We’re living in Robert Lipsyte’s world—or, more accurately, in the world to which he has for the past sixty years served as both reluctant ambassador and ambivalent guide. This mystical continent could be called “LipsyteLand.” Instead, he calls it “SportsWorld.”
Lipstye, now 82, has spent the greater portion of his career—first as The New York Times’ sports reporter and columnist, later as a young adult novelist, and briefly as the ombudsman of ESPN—charting the contours and climate of this mysterious continent, the “sweaty Oz you’ll never find in a geography book,” as he put it in his 1975 monograph SportsWorld: An American Dreamland.

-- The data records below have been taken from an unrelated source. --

(* The lottery loses at least one unit of utility on w, which wins with probability > eps. *)
Lemma lottery_lt b i f w : (2 <= #|W b|)%N -> (forall j, b j != None) ->
  f \in W b -> (forall d, d \in W b -> (u i d <= u i f)%N) -> w \in W b -> w != f ->
  \sum_d prob R r u b d * (u i d)%:R < (u i f)%:R - eps.
Proof.
move=> hW hS hf fmax hw hwf.
have lose_w : \sum_d prob R r u b d * (u i d)%:R <=
    \sum_d prob R r u b d * ((u i f)%:R - (d == w)%:R).
  apply: ler_sum => d _; have [dW|dW] := boolP (d \in W b); last first.
    by rewrite prob_notW // !mul0r.
  rewrite ler_wpM2l ?prob_ge0 //; have [->|_] := eqVneq d w; last first.
    by rewrite subr0 ler_nat fmax.
  rewrite lerBrDr -natrD ler_nat addn1 ltn_neqAle fmax // andbT.
  by apply: contra hwf => /eqP /u_inj ->.
rewrite (le_lt_trans lose_w) //.
under eq_bigr do rewrite mulrBr.
rewrite sumrB -mulr_suml [X in _ - X](bigD1 w) //= eqxx mulr1.
rewrite [X in _ - (_ + X)]big1 ?addr0 => [|d hd]; last by rewrite (negbTE hd) mulr0.
have sum_le : (\sum_d prob R r u b d) * (u i f)%:R <= (u i f)%:R.
  by rewrite -[X in _ <= X]mul1r ler_wpM2r ?ler0n ?sum_prob_le1.
have := prob_W_gt u r n_gt0 eps_m eps_n hW hS hw; lra.
Qed.

Lemma PNE_favourite b i : PNE b -> (2 <= #|W b|)%N ->
  exists f, [/\ b i = Some f, f \in W b & forall d, d \in W b -> d != f -> (u i d < u i f)%N].
Proof.
move=> hP hW; have hS := PNE_voting hP.
have [w0 hw0] : exists w0, w0 \in W b by apply/card_gt0P; apply: leq_trans hW.
have [f hf fmax'] := @arg_maxnP _ w0 (mem (W b)) (u i) hw0.
have fmax d : d \in W b -> (u i d <= u i f)%N by apply: fmax'.
have fstrict d : d \in W b -> d != f -> (u i d < u i f)%N.
  move=> hd hdf; rewrite ltn_neqAle fmax // andbT.
  by apply: contra hdf => /eqP /u_inj ->.
exists f; split=> //.
have [w [hw hwf]] : exists w, w \in W b /\ w != f.
  have [x [y [hx hy hxy]]] := card_gt1P hW.
  have [hxf|] := eqVneq x f; last by exists x.
  by exists y; rewrite -hxf eq_sym.
apply/eqP; apply: contraT => hbi.
have := hP i (Some f); rewrite (Util_set1 (fun d => sc_le_W d hf) hbi) /Util.
move: (hS i); case: (b i) => [c|] // _ /=.
have := lottery_lt hW hS hf fmax hw hwf.
have := bonus_ge0 i f; have := bonus_le i c; lra.
Qed.

Lemma PNE_profile b : PNE b -> (2 <= #|W b|)%N ->
  exists g, [/\ b = votes g, forall j, g j \in W b &
    forall i d, d \in W b -> d != g i -> (u i d < u i (g i))%N].
Proof.
move=> hP hW; exists (fun i => odflt (Ordinal hm) (b i)).
have fav i := PNE_favourite i hP hW.
split=> [|j|i d]; first apply: functional_extensionality => i.
- by rewrite /votes; have [f [-> _ _]] := fav i.
- by have [f [-> ? _]] := fav j.
- by have [f [-> _ fav_i]] := fav i; apply: fav_i.
Qed.

Section DistinctVotes.
Variable g : 'I_n -> 'I_m.
Hypothesis g_le1 : forall d, (sc (votes g) d <= 1)%N.

Lemma W_votes_distinct : (forall j, g j \in W (votes g)) /\ (2 <= #|W (votes g)|)%N.
Proof.
have gW j : g j \in W (votes g) by apply: (@W_of_sc_le1 _ _ _ j).
split=> //; have [j hj] := exists_other_voter (Ordinal n_gt0).
by apply/card_gt1P; exists (g j), (g (Ordinal n_gt0)); rewrite !gW votes_distinct.
Qed.

Lemma Util_votes_distinct i :
  Util (votes g) i = Some ((n%:R)^-1 * \sum_j (u i (g j))%:R + bonus i (g i)).
Proof. by have [gW hW] := W_votes_distinct; apply: Util_votes. Qed.

End DistinctVotes.

Lemma Util_deviate_unvoted g i c : (forall d, sc (votes g) d <= 1)%N -> sc (votes g) c = 0%N ->
  Util (upd (votes g) i (Some c)) i =
    Some ((n%:R)^-1 * (\sum_j (u i (g j))%:R - (u i (g i))%:R + (u i c)%:R) + bonus i c).
Proof.
move=> g_le1 hc; rewrite upd_votes Util_votes_distinct; last first.
  by rewrite -upd_votes; apply: sc_upd_unvoted_le1.
by rewrite eqxx (sum_upd_at (fun d => (u i d)%:R)).
Qed.

Lemma PNE_distinct_top g : PNE (votes g) -> (forall d, sc (votes g) d <= 1)%N ->
  (forall i d, d \in W (votes g) -> d != g i -> (u i d < u i (g i))%N) -> g = top hm u.
Proof.
move=> hP g_le1 gfav; apply: functional_extensionality => i.
apply/eqP; apply: contraT => hne; set a := top hm u i in hne *.
have [gW _] := W_votes_distinct g_le1.
have aW : a \notin W (votes g).
  apply/negP => aW; have := gfav i a aW; rewrite eq_sym hne => /(_ isT).
  by rewrite ltnNge top_max.
have := hP i (Some a).
rewrite Util_deviate_unvoted ?sc_votes_notW // Util_votes_distinct //= eqxx (negbTE hne) addr0.
have : (n%:R : R)^-1 * \sum_j (u i (g j))%:R <=
    (n%:R)^-1 * (\sum_j (u i (g j))%:R - (u i (g i))%:R + (u i a)%:R).
  by rewrite ler_wpM2l ?invr_ge0 ?ler0n // -addrA lerDl addrC subr_ge0 ler_nat top_max.
move=> h1 h2; suff : eps <= 0 by rewrite leNgt eps_gt0.
lra.
Qed.

Lemma PNE_cond1 : PNE (votes (top hm u)) -> (forall d, sc (votes (top hm u)) d <= 1)%N ->
  cond1 R hm u.
Proof.
move=> hP t_le1; split=> [c|l i hil]; first by rewrite -sc_votes.
have hne : top hm u i != top hm u l := votes_distinct t_le1 hil.
have [gW _] := W_votes_distinct t_le1.
have := hP l (Some (top hm u i)).
rewrite (Util_set1 (fun d => sc_le_W d (gW i))) ?Util_votes_distinct //=; last first.
  by rewrite (inj_eq (@Some_inj _)) eq_sym.
rewrite (negbTE hne) eqxx addr0 => h.
by rewrite -natr_sum; apply: (natr_le_avg_absorb n_gt0 eps_n); rewrite natr_sum.
Qed.

Lemma PNE_cond2 g w : PNE (votes g) -> (forall j, g j \in W (votes g)) ->
  (forall i d, d \in W (votes g) -> d != g i -> (u i d < u i (g i))%N) ->
  (2 <= #|W (votes g)|)%N -> w \in W (votes g) -> (2 <= sc (votes g) w)%N ->
  cond2 R u (W (votes g)) g.
Proof.
move=> hP gW gfav hW hw s_ge2; set X := W (votes g).
have n_eq : n = (#|X| * sc (votes g) w)%N := card_votes_W gW hw.
have X_gt0 : (0 < #|X|)%N by apply: leq_trans hW.
split; last split=> //; last split; last split=> //.
- split=> //; first by rewrite -[X in (_ <= X)%N]card_ord max_card.
  by rewrite n_eq mulnC leq_mul2l s_ge2 orbT.
- by move=> c hc; rewrite -sc_votes (sc_W_eq hc hw) mulnC -n_eq.
move=> i c hc hci.
have c_top : (c == top hm u i) = false.
  apply/negbTE/negP => /eqP c_top; have := gfav i c hc hci.
  by rewrite ltnNge c_top top_max.
have := hP i (Some c).
rewrite (Util_set1 (fun d => sc_le_W d hc)); last by rewrite (inj_eq (@Some_inj _)) eq_sym.
rewrite Util_votes //= c_top addr0 (avg_votes_W n_gt0 gW (fun d => (u i d)%:R)) => h.
rewrite -natr_sum; apply: (natr_le_avg_absorb X_gt0 (lt_le_trans eps_m (invr_card_ge R X_gt0))).
by rewrite natr_sum; have := bonus_le i (g i); lra.
Qed.

Lemma PNE_characterization b : PNE b -> (2 <= #|W b|)%N ->
  (cond1 R hm u /\ forall i, b i = Some (top hm u i)) \/
  (exists X g, cond2 R u X g /\ forall i, b i = Some (g i)).
Proof.
move=> hP hW; have [g [b_eq gW gfav]] := PNE_profile hP hW; subst b.
pose j0 := Ordinal n_gt0; have [s_le1|s_gt1] := leqP (sc (votes g) (g j0)) 1.
  have g_le1 d : (sc (votes g) d <= 1)%N by apply: leq_trans (sc_le_W _ (gW j0)) s_le1.
  have g_top := PNE_distinct_top hP g_le1 gfav; rewrite g_top in hP g_le1 *.
  by left; split=> //; apply: PNE_cond1.
by right; exists (W (votes g)), g; split=> //; apply: PNE_cond2 s_gt1.
Qed.

Lemma cond1_PNE : cond1 R hm u -> PNE (votes (top hm u)) /\ (2 <= #|W (votes (top hm u))|)%N.
Proof.
case=> top_le1 top_avg; set t := top hm u in top_le1 top_avg *.
have t_le1 d : (sc (votes t) d <= 1)%N by rewrite sc_votes; apply: top_le1.
have [tW W_ge2] := W_votes_distinct t_le1; split=> // i [c|]; last by rewrite Util_abstain.
rewrite Util_votes_distinct //=.
have [l /eqP <-|unvoted] := pickP (fun l => t l == c).
  have [->|hli] := eqVneq l i.
    by rewrite -[Some (t i)]/(votes t i) upd_id Util_votes_distinct //= lexx.
  rewrite (Util_set1 (fun d => sc_le_W d (tW l))) /=; last first.
    by rewrite (inj_eq (@Some_inj _)) votes_distinct // eq_sym.
  rewrite eqxx (negbTE (votes_distinct t_le1 hli)).
  by rewrite addr0 (le_trans (top_avg i l hli)) // lerDl ltW.
have c0 : sc (votes t) c = 0%N.
  by rewrite sc_votes; apply/eqP; rewrite cards_eq0; apply/eqP/setP => j; rewrite !inE unvoted.
have c_top : (c == top hm u i) = false by rewrite eq_sym; apply: unvoted.
rewrite Util_deviate_unvoted //= c_top eqxx addr0.
apply: (@le_trans _ _ ((n%:R)^-1 * \sum_j (u i (t j))%:R)); last by rewrite lerDl ltW.
by rewrite ler_wpM2l ?invr_ge0 ?ler0n // -addrA gerDl addrC subr_le0 ler_nat top_max.
Qed.

Section Cond2.
Variables (X : {set 'I_m}) (g : 'I_n -> 'I_m).
Hypotheses (X_ge2 : (2 <= #|X|)%N) (X_half : (2 * #|X| <= n)%N) (gX : forall i, g i \in X)
  (fibre : forall c, c \in X -> (#|[set i | g i == c]| * #|X|)%N = n)
  (gfav : forall i c, c \in X -> c != g i -> (u i c < u i (g i))%N)
  (fav_le_avg : forall i c, c \in X -> c != g i ->
     (u i c)%:R <= (#|X|%:R)^-1 * \sum_(c' in X) ((u i c')%:R : R)).

Let X_gt0 : (0 < #|X|)%N := ltnW X_ge2.

Lemma sc_cond2 c : c \in X -> (sc (votes g) c * #|X|)%N = n.
Proof. by rewrite sc_votes; apply: fibre. Qed.

Lemma sc_cond2_eq c d : c \in X -> d \in X -> sc (votes g) c = sc (votes g) d.
Proof. by move=> cX dX; apply/eqP; rewrite -(eqn_pmul2r X_gt0) !sc_cond2. Qed.

Lemma sc_cond2_ge2 c : c \in X -> (2 <= sc (votes g) c)%N.
Proof. by move=> cX; rewrite -(leq_pmul2r X_gt0) sc_cond2. Qed.

Lemma sc_cond2_out c : c \notin X -> sc (votes g) c = 0%N.
Proof.
move=> cX; rewrite sc_votes; apply/eqP; rewrite cards_eq0; apply/eqP/setP => j.
by rewrite !inE; apply: contraNF cX => /eqP <-.
Qed.

Lemma W_cond2 : W (votes g) = X.
Proof.
apply: (W_eq_sc (gX (Ordinal n_gt0))) => d; first by move/sc_cond2_eq; apply.
by move/sc_cond2_out ->; rewrite (leq_trans _ (sc_cond2_ge2 _)).
Qed.

Lemma Util_cond2 i :
  Util (votes g) i = Some ((#|X|%:R)^-1 * \sum_(d in X) (u i d)%:R + bonus i (g i)).
Proof.
have gW j : g j \in W (votes g) by rewrite W_cond2.
by rewrite Util_votes ?W_cond2 // (avg_votes_W n_gt0 gW (fun d => (u i d)%:R)) W_cond2.
Qed.

Section Deviation.
Variables (i : 'I_n) (c : 'I_m).
Hypothesis cX : c \notin X.

Local Notation b' := (upd (votes g) i (Some c)).

Lemma cardsD1_fav_gt0 : (0 < #|X :\ g i|)%N.
Proof. by have := cardsD1 (g i) X; rewrite gX add1n => XE; rewrite -ltnS -XE. Qed.

Lemma W_cond2_deviate : W b' = X :\ g i.
Proof.
have [x1 x1X'] := card_gt0P cardsD1_fav_gt0.
have x1X : x1 \in X by move: x1X'; rewrite inE => /andP[].
have sc'_in d : d \in X :\ g i -> sc b' d = sc (votes g) d.
  case/setD1P => dgi dX; rewrite [RHS](sc_upd_old (votes g) i (_ : c != d)).
    by rewrite /votes (inj_eq (@Some_inj _)) eq_sym (negbTE dgi).
  by apply: contraNneq cX => ->.
apply: (W_eq_sc x1X') => d dX'.
  rewrite (sc'_in _ dX') (sc'_in _ x1X').
  by case/setD1P: dX' => _ dX; apply: sc_cond2_eq dX x1X.
move: dX'; rewrite (sc'_in _ x1X') !inE negb_and negbK => /orP[/eqP->|dX].
  have := sc_upd_old (votes g) i (_ : c != g i); rewrite eqxx (sc_cond2_eq (gX i) x1X) => ->.
    by rewrite add1n.
  by apply: contraNneq cX => ->.
have [<-|cd] := eqVneq c d.
  by rewrite sc_upd_new sc_cond2_out // addn0 (leq_ltn_trans (leq_b1 _)) ?sc_cond2_ge2.
by rewrite (leq_ltn_trans (sc_upd_le _ _ cd)) // sc_cond2_out // (ltn_trans _ (sc_cond2_ge2 x1X)).
Qed.

Lemma below_fav d : d \in X :\ g i -> ((u i d)%:R : R) <= (u i (g i))%:R - 1.
Proof.
by case/setD1P => dgi dX; rewrite lerBrDr natr1 ler_nat; apply: gfav.
Qed.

SportsWorld is not sports itself so much as it is the “grotesque distortion of sports” that results when jock culture is infused with a heavy dose of late stage capitalism. It is the conviction, embodied in screaming pee-wee soccer dads and doping athletes alike, that winning is the only thing that matters and that victory justifies any crimes committed in its name. “Sometime in the last fifty years the sports experience was perverted into a SportsWorld state of mind in which the winner was good because he won,” Lipsyte wrote in his original introduction. “[T]he loser, if not actually bad, was at least reduced, and had to prove himself over again, through competition.”
Lipsyte’s unflagging criticism of SportsWorld’s excesses and abuses has earned him a reputation as a founding father of modern sportswriting. “Robert Lipsyte invented cynicism about the world of sports,” wrote Marc Tracy in a 2013 profile for The New Republic. “Which is to say: He didn’t literally, but he may as well have.”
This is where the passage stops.